[Exercise]:
Nothing but the lines from the one containing "Hrefl, reflected_Bbar_integral; assumption." through the end of the entries below should be set down, each exactly as written.

[Records for processing]:
(* Consider the continuous-stage Runge–Kutta–Nyström (csRKN) method with coefficients $(\bar{A}_{\tau,\sigma},\bar{B}_\tau,B_\tau,C_\tau)$ applied to $q''=f(t,q)$. Suppose that for all $\tau,\sigma\in[0,1]$ \begin{align*} C_\tau&=1-C_{1-\tau},\\ \bar{A}_{\tau,\sigma}&=B_{1-\sigma}(1-C_{1-\tau})-\bar{B}_{1-\sigma}+\bar{A}_{1-\tau,1-\sigma},\\ \bar{B}_\tau&=B_{1-\tau}-\bar{B}_{1-\tau},\\ B_\tau&=B_{1-\tau}. \end{align*} Then the csRKN method is symmetric.
   Context: Consider the initial value problem $q''=f(t,q)$, $q(t_0)=q_0$, $q'(t_0)=q'_0$, where $f:\mathbb{R}\times\mathbb{R}^d\to\mathbb{R}^d$ is smooth. Let $\bar{A}_{\tau,\sigma}$ be a (sufficiently regular, e.g. integrable/continuous) real function of $\tau,\sigma\in[0,1]$ and $\bar{B}_\tau,B_\tau,C_\tau$ real functions of $\tau\in[0,1]$. The csRKN method with step size $h$ maps $(q_0,q'_0)$ to $(q_1,q'_1)$ by $$Q_\tau=q_0+hC_\tau q'_0+h^2\int_0^1\bar{A}_{\tau,\sigma}f(t_0+C_\sigma h,Q_\sigma)\,d\sigma,\quad \tau\in[0,1],$$ $$q_1=q_0+hq'_0+h^2\int_0^1\bar{B}_\tau f(t_0+C_\tau h,Q_\tau)\,d\tau,\qquad q'_1=q'_0+h\int_0^1 B_\tau f(t_0+C_\tau h,Q_\tau)\,d\tau,$$ with $t_1=t_0+h$. A one-step method $\Phi_h$ is called symmetric if $\Phi_h^*=\Phi_h$, where the adjoint method is $\Phi_h^*=\Phi_{-h}^{-1}$; equivalently, exchanging $h\leftrightarrow -h$, $(q_0,q'_0)\leftrightarrow(q_1,q'_1)$ and $t_0\leftrightarrow t_1$ in the defining equations yields the same method. *)

From Stdlib Require Import Reals.
Open Scope R_scope.

Definition vec (d : nat) : Type := {i : nat | (i < d)%nat} -> R.

Definition has_integral01 (g : R -> R) (v : R) : Prop :=
  exists pr : Riemann_integrable g 0 1, RiemannInt pr = v.

(* One step of the csRKN method with coefficients (Abar, Bbar, B, C),
   step size h, starting time t0, applied to q'' = f(t,q):
   (q0, p0) is mapped to (q1, p1) (p = q'). *)
Definition csRKN_step (d : nat) (Abar : R -> R -> R) (Bbar B C : R -> R)
  (f : R -> vec d -> vec d) (h t0 : R) (q0 p0 q1 p1 : vec d) : Prop :=
  exists Q : R -> vec d,
    (forall tau, 0 <= tau <= 1 -> forall i,
       exists I, has_integral01
                   (fun sigma => Abar tau sigma * f (t0 + C sigma * h) (Q sigma) i) I
              /\ Q tau i = q0 i + h * C tau * p0 i + h ^ 2 * I) /\
    (forall i,
       exists I, has_integral01
                   (fun tau => Bbar tau * f (t0 + C tau * h) (Q tau) i) I
              /\ q1 i = q0 i + h * p0 i + h ^ 2 * I) /\
    (forall i,
       exists I, has_integral01
                   (fun tau => B tau * f (t0 + C tau * h) (Q tau) i) I
              /\ p1 i = p0 i + h * I).

(* Symmetry: the adjoint method Phi_{-h}^{-1} coincides with Phi_h, i.e.
   exchanging h <-> -h, (q0,p0) <-> (q1,p1), t0 <-> t1 = t0 + h in the
   defining relations yields the same method. *)
Definition csRKN_symmetric (d : nat) (Abar : R -> R -> R) (Bbar B C : R -> R)
  (f : R -> vec d -> vec d) : Prop :=
  forall (h t0 : R) (q0 p0 q1 p1 : vec d),
    csRKN_step d Abar Bbar B C f h t0 q0 p0 q1 p1 <->
    csRKN_step d Abar Bbar B C f (- h) (t0 + h) q1 p1 q0 p0.

From Stdlib Require Import Reals Lra.
From Coquelicot Require Import Coquelicot.
Open Scope R_scope.

(* Let (q0,p0) -> (q1,p1) be a step with stage Q and write
   F(tau) = f(t0 + C_tau h, Q_tau).  For the adjoint step (step -h, start
   t1 = t0 + h, data (q1,p1) -> (q0,p0)) we take the reflected stage
   tau |-> Q_{1-tau}; since C_tau = 1 - C_{1-tau}, its integrand at sigma is
   F(1 - sigma).  Substituting sigma |-> 1 - sigma in the integrals of the
   original step, the coefficient symmetry conditions turn the adjoint's
   integrals into linear combinations of the original ones, and the defining
   equations of the adjoint step follow by linear algebra.  Applying this
   implication once more to the adjoint step (with -h, t0 + h) gives the
   converse, hence symmetry. *)

Lemma has_integral01_is_RInt (g : R -> R) (v : R) :
  has_integral01 g v <-> is_RInt g 0 1 v.
Proof.
  split.
  - intros [pr <-]. rewrite <- RInt_Reals.
    apply (RInt_correct (V := R_CompleteNormedModule)), ex_RInt_Reals_1; exact pr.
  - intros H. exists (ex_RInt_Reals_0 _ _ _ (ex_intro _ v H)).
    rewrite <- RInt_Reals. apply is_RInt_unique; exact H.
Qed.

Lemma has_integral01_ext (g1 g2 : R -> R) (v : R) :
  (forall x, 0 <= x <= 1 -> g1 x = g2 x) ->
  has_integral01 g1 v -> has_integral01 g2 v.
Proof.
  rewrite !has_integral01_is_RInt. intros Heq H.
  apply (is_RInt_ext g1); [|exact H].
  intros x Hx. rewrite Rmin_left, Rmax_right in Hx by lra. apply Heq; lra.
Qed.

Lemma has_integral01_plus (g1 g2 : R -> R) (v1 v2 : R) :
  has_integral01 g1 v1 -> has_integral01 g2 v2 ->
  has_integral01 (fun x => g1 x + g2 x) (v1 + v2).
Proof.
  rewrite !has_integral01_is_RInt. apply (is_RInt_plus g1 g2).
Qed.

Lemma has_integral01_scal (a : R) (g : R -> R) (v : R) :
  has_integral01 g v -> has_integral01 (fun x => a * g x) (a * v).
Proof.
  rewrite !has_integral01_is_RInt. apply (is_RInt_scal g).
Qed.

Lemma has_integral01_reflect (g : R -> R) (v : R) :
  has_integral01 g v -> has_integral01 (fun x => g (1 - x)) v.
Proof.
  rewrite !has_integral01_is_RInt. intros H.
  assert (Hrev : is_RInt g (-1 * 0 + 1) (-1 * 1 + 1) (opp v)).
  { replace (-1 * 0 + 1) with 1 by ring. replace (-1 * 1 + 1) with 0 by ring.
    apply (is_RInt_swap g); exact H. }
  apply is_RInt_comp_lin, (is_RInt_scal _ _ _ (-1)) in Hrev.
  replace v with (scal (-1) (opp v))
    by (unfold scal, opp; simpl; unfold mult; simpl; ring).
  refine (is_RInt_ext _ _ _ _ _ _ Hrev). intros x _.
  unfold scal; simpl; unfold mult; simpl.
  replace (-1 * x + 1) with (1 - x) by ring. ring.
Qed.

Section ReflectedStep.

Variables (d : nat) (Abar : R -> R -> R) (Bbar B C : R -> R).
Hypothesis HC : forall tau, 0 <= tau <= 1 -> C tau = 1 - C (1 - tau).
Hypothesis HA : forall tau sigma, 0 <= tau <= 1 -> 0 <= sigma <= 1 ->
  Abar tau sigma = B (1 - sigma) * (1 - C (1 - tau)) - Bbar (1 - sigma)
                   + Abar (1 - tau) (1 - sigma).
Hypothesis HBbar : forall tau, 0 <= tau <= 1 -> Bbar tau = B (1 - tau) - Bbar (1 - tau).
Hypothesis HB : forall tau, 0 <= tau <= 1 -> B tau = B (1 - tau).

Lemma reflected_B_integral (F : R -> R) (IB : R) :
  has_integral01 (fun s => B s * F s) IB ->
  has_integral01 (fun s => B s * F (1 - s)) IB.
Proof.
  intros HIB. apply has_integral01_reflect in HIB.
  refine (has_integral01_ext _ _ _ _ HIB). intros x Hx.
  rewrite (HB x Hx). reflexivity.
Qed.

Lemma reflected_Bbar_integral (F : R -> R) (IBbar IB : R) :
  has_integral01 (fun s => Bbar s * F s) IBbar ->
  has_integral01 (fun s => B s * F s) IB ->
  has_integral01 (fun s => Bbar s * F (1 - s)) (IB - IBbar).
Proof.
  intros HIBbar HIB.
  pose proof (has_integral01_plus _ _ _ _ (has_integral01_reflect _ _ HIB)
                (has_integral01_scal (-1) _ _ (has_integral01_reflect _ _ HIBbar))) as H.
  replace (IB - IBbar) with (IB + -1 * IBbar) by ring.
  refine (has_integral01_ext _ _ _ _ H). intros x Hx.
  rewrite (HBbar x Hx). ring.
Qed.

Lemma reflected_Abar_integral (F : R -> R) (tau IA IBbar IB : R) :
  0 <= tau <= 1 ->
  has_integral01 (fun s => Abar (1 - tau) s * F s) IA ->
  has_integral01 (fun s => Bbar s * F s) IBbar ->
  has_integral01 (fun s => B s * F s) IB ->
  has_integral01 (fun s => Abar tau s * F (1 - s)) (C tau * IB - IBbar + IA).
Proof.
  intros Htau HIA HIBbar HIB.
  pose proof (has_integral01_plus _ _ _ _
                (has_integral01_scal (C tau) _ _ (has_integral01_reflect _ _ HIB))
                (has_integral01_reflect _ _ HIA)) as H.
  pose proof (has_integral01_plus _ _ _ _ H
                (has_integral01_scal (-1) _ _ (has_integral01_reflect _ _ HIBbar))) as H'.
  replace (C tau * IB - IBbar + IA) with (C tau * IB + IA + -1 * IBbar) by ring.
  refine (has_integral01_ext _ _ _ _ H'). intros x Hx.
  rewrite (HA tau x Htau Hx), <- (HC tau Htau). ring.
Qed.

Lemma adjoint_stage_time (h t0 sigma : R) :
  0 <= sigma <= 1 -> t0 + h + C sigma * - h = t0 + C (1 - sigma) * h.
Proof.
  intros Hs. rewrite (HC sigma Hs). ring.
Qed.

Lemma csRKN_step_reverse (f : R -> vec d -> vec d) (h t0 : R) (q0 p0 q1 p1 : vec d) :
  csRKN_step d Abar Bbar B C f h t0 q0 p0 q1 p1 ->
  csRKN_step d Abar Bbar B C f (- h) (t0 + h) q1 p1 q0 p0.
Proof.
  intros [Q [HQ [Hq Hp]]].
  set (F i s := f (t0 + C s * h) (Q s) i).
  assert (Hrefl : forall (w : R -> R) i v,
            has_integral01 (fun s => w s * F i (1 - s)) v ->
            has_integral01 (fun s => w s * f (t0 + h + C s * - h) (Q (1 - s)) i) v).
  { intros w i v. apply has_integral01_ext. intros s Hs.
    unfold F. rewrite adjoint_stage_time by exact Hs.
    replace (1 - (1 - s)) with s by ring. reflexivity. }
  exists (fun tau => Q (1 - tau)). split; [|split].
  - intros tau Htau i.
    destruct (HQ (1 - tau) ltac:(lra) i) as [IA [HIA EA]].
    destruct (Hq i) as [IBbar [HIBbar Eq1]]. destruct (Hp i) as [IB [HIB Ep1]].
    exists (C tau * IB - IBbar + IA). split.
    + apply Hrefl, reflected_Abar_integral; assumption.
    + rewrite EA, Eq1, Ep1, (HC tau Htau). ring.
  - intros i. destruct (Hq i) as [IBbar [HIBbar Eq1]]. destruct (Hp i) as [IB [HIB Ep1]].
    exists (IB - IBbar). split.
    + apply Hrefl, reflected_Bbar_integral; assumption.
    + rewrite Eq1, Ep1. ring.
  - intros i. destruct (Hp i) as [IB [HIB Ep1]].
    exists IB. split.
    + apply Hrefl, reflected_B_integral; assumption.
    + rewrite Ep1. ring.
Qed.

End ReflectedStep.

Theorem theorem3p2 (d : nat) (Abar : R -> R -> R) (Bbar B C : R -> R)
  (HC : forall tau, 0 <= tau <= 1 -> C tau = 1 - C (1 - tau))
  (HA : forall tau sigma, 0 <= tau <= 1 -> 0 <= sigma <= 1 ->
          Abar tau sigma = B (1 - sigma) * (1 - C (1 - tau)) - Bbar (1 - sigma)
                           + Abar (1 - tau) (1 - sigma))
  (HBbar : forall tau, 0 <= tau <= 1 -> Bbar tau = B (1 - tau) - Bbar (1 - tau))
  (HB : forall tau, 0 <= tau <= 1 -> B tau = B (1 - tau)) :
  forall f : R -> vec d -> vec d, csRKN_symmetric d Abar Bbar B C f.
Proof.
  intros f h t0 q0 p0 q1 p1. split.
  - apply csRKN_step_reverse; assumption.
  - intros Hadj.
    pose proof (csRKN_step_reverse d Abar Bbar B C HC HA HBbar HB f _ _ _ _ _ _ Hadj) as Hstep.
    rewrite Ropp_involutive in Hstep.
    replace (t0 + h + - h) with t0 in Hstep by ring.
    exact Hstep.
Qed.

[Response to the exercise]:
    + apply Hrefl, reflected_Bbar_integral; assumption.
    + rewrite Eq1, Ep1. ring.
  - intros i. destruct (Hp i) as [IB [HIB Ep1]].
    exists IB. split.
    + apply Hrefl, reflected_B_integral; assumption.
    + rewrite Ep1. ring.
Qed.

End ReflectedStep.

Theorem theorem3p2 (d : nat) (Abar : R -> R -> R) (Bbar B C : R -> R)
  (HC : forall tau, 0 <= tau <= 1 -> C tau = 1 - C (1 - tau))
  (HA : forall tau sigma, 0 <= tau <= 1 -> 0 <= sigma <= 1 ->
          Abar tau sigma = B (1 - sigma) * (1 - C (1 - tau)) - Bbar (1 - sigma)
                           + Abar (1 - tau) (1 - sigma))
  (HBbar : forall tau, 0 <= tau <= 1 -> Bbar tau = B (1 - tau) - Bbar (1 - tau))
  (HB : forall tau, 0 <= tau <= 1 -> B tau = B (1 - tau)) :
  forall f : R -> vec d -> vec d, csRKN_symmetric d Abar Bbar B C f.
Proof.
  intros f h t0 q0 p0 q1 p1. split.
  - apply csRKN_step_reverse; assumption.
  - intros Hadj.
    pose proof (csRKN_step_reverse d Abar Bbar B C HC HA HBbar HB f _ _ _ _ _ _ Hadj) as Hstep.
    rewrite Ropp_involutive in Hstep.
    replace (t0 + h + - h) with t0 in Hstep by ring.
    exact Hstep.
Qed.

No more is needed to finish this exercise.